喫煙の習慣がある方は、面倒ですが、タバコを吸う際は装置を外してください。
余計な物質を付着させ、マウスピースにダメージを与えることはできるだけ防ぎましょう。
マウスピースをしっかり洗浄してトラブルを防ごう
矯正用のマウスピース洗浄は、面倒ではありますが矯正治療には欠かせません。しっかり洗浄することにより、トラブルを防げます。
洗浄方法についてわからないことが出てきたら、積極的に歯科医に相談しましょう。万が一装置にトラブルが起きてしまった場合は、放置せずに担当医に伝えてください。
治療を効率的に進めるためにも、こまめなお手入れと早めの相談を心がけましょう。
まとめ
この記事では、マウスピース矯正装置の洗浄についてお伝えしました。こまめに洗浄することは、矯正治療を成功させるために必要な努力です。

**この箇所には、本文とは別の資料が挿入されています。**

(* A derivation with succedent [↑⊥] never uses its succedent, so each of its
   inferences can be replayed with any stable succedent at any earlier world. *)
Lemma Foc_at_up_bot_replaceable w v C j : reach v w -> stable_neg C ->
  Foc_at W prec (Foc_later w) w j -> up_bot_replaceable v C j.
Proof.
  intros Rvw sC F.
  induction F as [G q Hin | G A F IHF | G A w' p F | G A F | G A B F IHF | G A w' C0 s F IHF
                 | G A w' C0 Hin s R F IHF | G w' C0 | G A w' C0 R K IHK | G A w' C0 R K IHK
                 | G A F IHF | G q | G A w' C0 F IHF | G A B C0 F1 IHF1 F2 IHF2
                 | G A B w' C0 Hw F1 F2 IHF2]; simpl; try exact I; intro E; try discriminate E.
  - apply Foc_L; [exact s | exact (IHF E)].
  - apply Foc_DownL with A w'; [exact Hin | exact sC | eapply rt_trans; eauto | exact (IHF E)].
  - apply Foc_BotL.
  - apply Foc_DiaL; [eapply rt_trans; eauto |]; intros x p Fx.
    apply (IHK x p); [| exact E].
    exists (reach_later_trans _ _ _ R (later_of_prec _ _ p)); exact Fx.
  - apply Foc_BoxL; [eapply rt_trans; eauto |]; intro Hall.
    apply IHK; [intros x p | exact E].
    exists (reach_later_trans _ _ _ R (later_of_prec _ _ p)); exact (Hall x p).
  - injection E as ->; inversion F.
  - apply Foc_UpL, IHF, E.
  - apply Foc_ImpL; [exact Rvw | apply Foc_unfold, F1 | exact (IHF2 E)].
  - destruct F1 as [_ F1].
    apply Foc_ImpL; [| exact F1 | exact (IHF2 E)].
    eapply rt_trans; [exact Rvw | apply clos_t_clos_rt, Hw].
Qed.

Lemma Foc_up_bot w v G C : reach v w -> stable_neg C ->
  Foc w (JInv G None (Up PBot)) -> Foc v (JInv G None C).
Proof.
  intros R sC F; apply Foc_unfold in F.
  exact (Foc_at_up_bot_replaceable w v C _ R sC F eq_refl).
Qed.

初めは面倒に感じますが、習慣化して治療完了まで付き合っていきましょう。汚れが落ちないときは、専用の洗浄剤も試してみてください。
また、この記事で紹介した注意点もしっかり守りましょう。誤った方法で洗浄すると、逆効果になってしまう場合があります。
矯正の目的や症例によって、使用するマウスピースにはさまざまな種類があります。
具体的にご自身の装具に合った洗浄方法については歯科医に相談してみてください。
マウスピース矯正を検討中の方にとってこの記事で少しでもお役に立てたら幸いです。